- WORK TASK -
Once you reach the line that holds "destruct (reduced_threshold delta" in the listing below, output it and every line after it through the line that holds "intros t' Ht' Hthreshold'.", word for word.

────────

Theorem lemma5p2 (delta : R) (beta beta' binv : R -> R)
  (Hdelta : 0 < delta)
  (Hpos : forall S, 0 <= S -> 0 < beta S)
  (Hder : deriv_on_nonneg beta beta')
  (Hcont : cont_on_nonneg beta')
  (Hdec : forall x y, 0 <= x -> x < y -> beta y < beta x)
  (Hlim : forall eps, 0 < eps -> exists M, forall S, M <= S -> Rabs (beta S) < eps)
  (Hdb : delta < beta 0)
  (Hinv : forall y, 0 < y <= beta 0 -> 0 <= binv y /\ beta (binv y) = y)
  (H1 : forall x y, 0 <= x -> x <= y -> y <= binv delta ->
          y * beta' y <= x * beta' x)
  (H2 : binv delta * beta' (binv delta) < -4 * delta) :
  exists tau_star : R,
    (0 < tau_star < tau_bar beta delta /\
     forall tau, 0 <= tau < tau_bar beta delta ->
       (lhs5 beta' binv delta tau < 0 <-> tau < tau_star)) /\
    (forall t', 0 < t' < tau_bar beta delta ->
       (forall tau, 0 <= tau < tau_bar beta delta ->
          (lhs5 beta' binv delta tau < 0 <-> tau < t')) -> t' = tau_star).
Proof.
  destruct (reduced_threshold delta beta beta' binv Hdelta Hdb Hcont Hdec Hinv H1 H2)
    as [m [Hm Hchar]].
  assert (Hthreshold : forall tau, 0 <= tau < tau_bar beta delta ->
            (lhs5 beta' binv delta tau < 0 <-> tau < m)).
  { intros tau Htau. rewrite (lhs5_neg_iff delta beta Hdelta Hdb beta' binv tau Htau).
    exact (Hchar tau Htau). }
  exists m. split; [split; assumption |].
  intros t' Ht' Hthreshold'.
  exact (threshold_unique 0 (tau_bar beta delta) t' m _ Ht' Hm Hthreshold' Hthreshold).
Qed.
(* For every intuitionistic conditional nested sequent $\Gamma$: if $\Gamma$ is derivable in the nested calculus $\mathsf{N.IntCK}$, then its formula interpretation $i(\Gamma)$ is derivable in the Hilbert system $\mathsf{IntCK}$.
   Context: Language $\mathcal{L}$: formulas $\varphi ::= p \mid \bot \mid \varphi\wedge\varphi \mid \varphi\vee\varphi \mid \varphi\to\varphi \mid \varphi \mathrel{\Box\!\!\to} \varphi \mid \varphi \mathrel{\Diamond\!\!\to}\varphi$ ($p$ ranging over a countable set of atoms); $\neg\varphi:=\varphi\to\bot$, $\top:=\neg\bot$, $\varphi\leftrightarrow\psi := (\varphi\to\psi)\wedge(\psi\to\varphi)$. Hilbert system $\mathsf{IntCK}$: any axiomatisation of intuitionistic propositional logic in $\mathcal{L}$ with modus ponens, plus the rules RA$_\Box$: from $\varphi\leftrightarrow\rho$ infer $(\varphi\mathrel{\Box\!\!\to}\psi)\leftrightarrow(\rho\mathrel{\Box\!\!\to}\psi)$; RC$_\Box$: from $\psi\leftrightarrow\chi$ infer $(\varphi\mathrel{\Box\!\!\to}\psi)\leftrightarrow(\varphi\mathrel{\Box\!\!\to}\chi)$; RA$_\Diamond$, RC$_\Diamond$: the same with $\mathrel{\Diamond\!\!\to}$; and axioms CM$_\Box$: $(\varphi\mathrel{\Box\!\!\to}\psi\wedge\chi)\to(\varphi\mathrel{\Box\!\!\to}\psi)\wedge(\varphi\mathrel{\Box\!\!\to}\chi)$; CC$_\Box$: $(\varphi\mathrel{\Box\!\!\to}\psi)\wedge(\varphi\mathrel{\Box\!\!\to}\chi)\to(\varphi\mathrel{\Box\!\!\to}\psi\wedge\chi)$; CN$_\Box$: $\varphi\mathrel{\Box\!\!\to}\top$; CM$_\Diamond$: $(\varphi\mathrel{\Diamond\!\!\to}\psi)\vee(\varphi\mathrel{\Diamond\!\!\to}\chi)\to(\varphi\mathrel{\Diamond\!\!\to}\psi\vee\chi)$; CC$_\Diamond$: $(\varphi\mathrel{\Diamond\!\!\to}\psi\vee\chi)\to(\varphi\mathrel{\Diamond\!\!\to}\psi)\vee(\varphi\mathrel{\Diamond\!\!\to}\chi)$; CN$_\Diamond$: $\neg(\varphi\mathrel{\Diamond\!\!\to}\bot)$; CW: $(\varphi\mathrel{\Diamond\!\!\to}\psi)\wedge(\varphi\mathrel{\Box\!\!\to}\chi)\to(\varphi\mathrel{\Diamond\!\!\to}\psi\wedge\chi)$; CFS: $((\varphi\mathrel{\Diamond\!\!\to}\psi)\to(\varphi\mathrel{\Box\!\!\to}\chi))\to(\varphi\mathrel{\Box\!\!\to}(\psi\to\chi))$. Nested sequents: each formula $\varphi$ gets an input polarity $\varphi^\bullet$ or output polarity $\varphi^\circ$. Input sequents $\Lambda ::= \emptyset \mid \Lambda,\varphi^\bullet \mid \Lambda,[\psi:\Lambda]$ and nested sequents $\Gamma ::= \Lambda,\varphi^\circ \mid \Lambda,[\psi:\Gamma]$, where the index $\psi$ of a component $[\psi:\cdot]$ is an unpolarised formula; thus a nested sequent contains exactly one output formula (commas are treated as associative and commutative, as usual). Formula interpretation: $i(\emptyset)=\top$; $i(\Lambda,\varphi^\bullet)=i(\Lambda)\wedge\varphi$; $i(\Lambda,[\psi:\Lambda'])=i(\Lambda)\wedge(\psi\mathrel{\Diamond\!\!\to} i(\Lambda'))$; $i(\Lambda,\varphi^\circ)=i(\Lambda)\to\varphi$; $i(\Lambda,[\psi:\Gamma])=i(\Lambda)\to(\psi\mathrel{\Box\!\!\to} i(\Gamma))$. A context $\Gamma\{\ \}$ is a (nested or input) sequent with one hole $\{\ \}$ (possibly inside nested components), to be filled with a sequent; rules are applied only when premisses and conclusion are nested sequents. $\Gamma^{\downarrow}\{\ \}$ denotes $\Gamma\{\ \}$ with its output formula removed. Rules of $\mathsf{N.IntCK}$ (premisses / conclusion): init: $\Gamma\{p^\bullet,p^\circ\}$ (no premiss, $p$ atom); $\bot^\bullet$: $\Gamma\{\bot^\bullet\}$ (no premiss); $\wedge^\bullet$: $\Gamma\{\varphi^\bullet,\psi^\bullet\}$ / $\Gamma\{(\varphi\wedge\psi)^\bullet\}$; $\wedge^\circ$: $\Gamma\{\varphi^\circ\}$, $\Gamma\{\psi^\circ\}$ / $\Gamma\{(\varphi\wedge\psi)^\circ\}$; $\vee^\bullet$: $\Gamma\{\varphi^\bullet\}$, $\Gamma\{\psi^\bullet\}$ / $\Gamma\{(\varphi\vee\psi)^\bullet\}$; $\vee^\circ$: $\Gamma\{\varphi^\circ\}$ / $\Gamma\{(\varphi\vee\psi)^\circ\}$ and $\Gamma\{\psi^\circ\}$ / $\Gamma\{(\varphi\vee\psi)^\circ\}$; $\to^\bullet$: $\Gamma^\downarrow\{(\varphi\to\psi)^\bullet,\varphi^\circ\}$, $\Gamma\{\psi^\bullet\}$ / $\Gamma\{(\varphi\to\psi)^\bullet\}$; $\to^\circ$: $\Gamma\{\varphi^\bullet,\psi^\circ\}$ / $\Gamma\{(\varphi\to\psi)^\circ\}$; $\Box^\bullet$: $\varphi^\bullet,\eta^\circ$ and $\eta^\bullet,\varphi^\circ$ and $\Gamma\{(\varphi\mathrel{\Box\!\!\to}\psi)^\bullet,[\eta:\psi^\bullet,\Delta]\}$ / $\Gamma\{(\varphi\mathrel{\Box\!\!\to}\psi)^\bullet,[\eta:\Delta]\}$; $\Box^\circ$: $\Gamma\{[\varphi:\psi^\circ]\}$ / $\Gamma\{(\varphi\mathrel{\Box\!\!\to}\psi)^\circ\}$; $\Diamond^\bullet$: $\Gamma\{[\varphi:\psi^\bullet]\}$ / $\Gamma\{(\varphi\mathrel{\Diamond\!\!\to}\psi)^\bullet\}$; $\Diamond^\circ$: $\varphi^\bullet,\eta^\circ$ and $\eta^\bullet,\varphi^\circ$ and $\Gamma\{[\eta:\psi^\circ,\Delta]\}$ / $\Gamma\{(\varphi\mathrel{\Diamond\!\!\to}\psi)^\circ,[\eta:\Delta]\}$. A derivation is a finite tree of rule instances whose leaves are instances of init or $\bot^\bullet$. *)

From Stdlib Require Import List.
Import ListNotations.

────────

- SOLUTION TO THIS TASK -
  destruct (reduced_threshold delta beta beta' binv Hdelta Hdb Hcont Hdec Hinv H1 H2)
    as [m [Hm Hchar]].
  assert (Hthreshold : forall tau, 0 <= tau < tau_bar beta delta ->
            (lhs5 beta' binv delta tau < 0 <-> tau < m)).
  { intros tau Htau. rewrite (lhs5_neg_iff delta beta Hdelta Hdb beta' binv tau Htau).
    exact (Hchar tau Htau). }
  exists m. split; [split; assumption |].
  intros t' Ht' Hthreshold'.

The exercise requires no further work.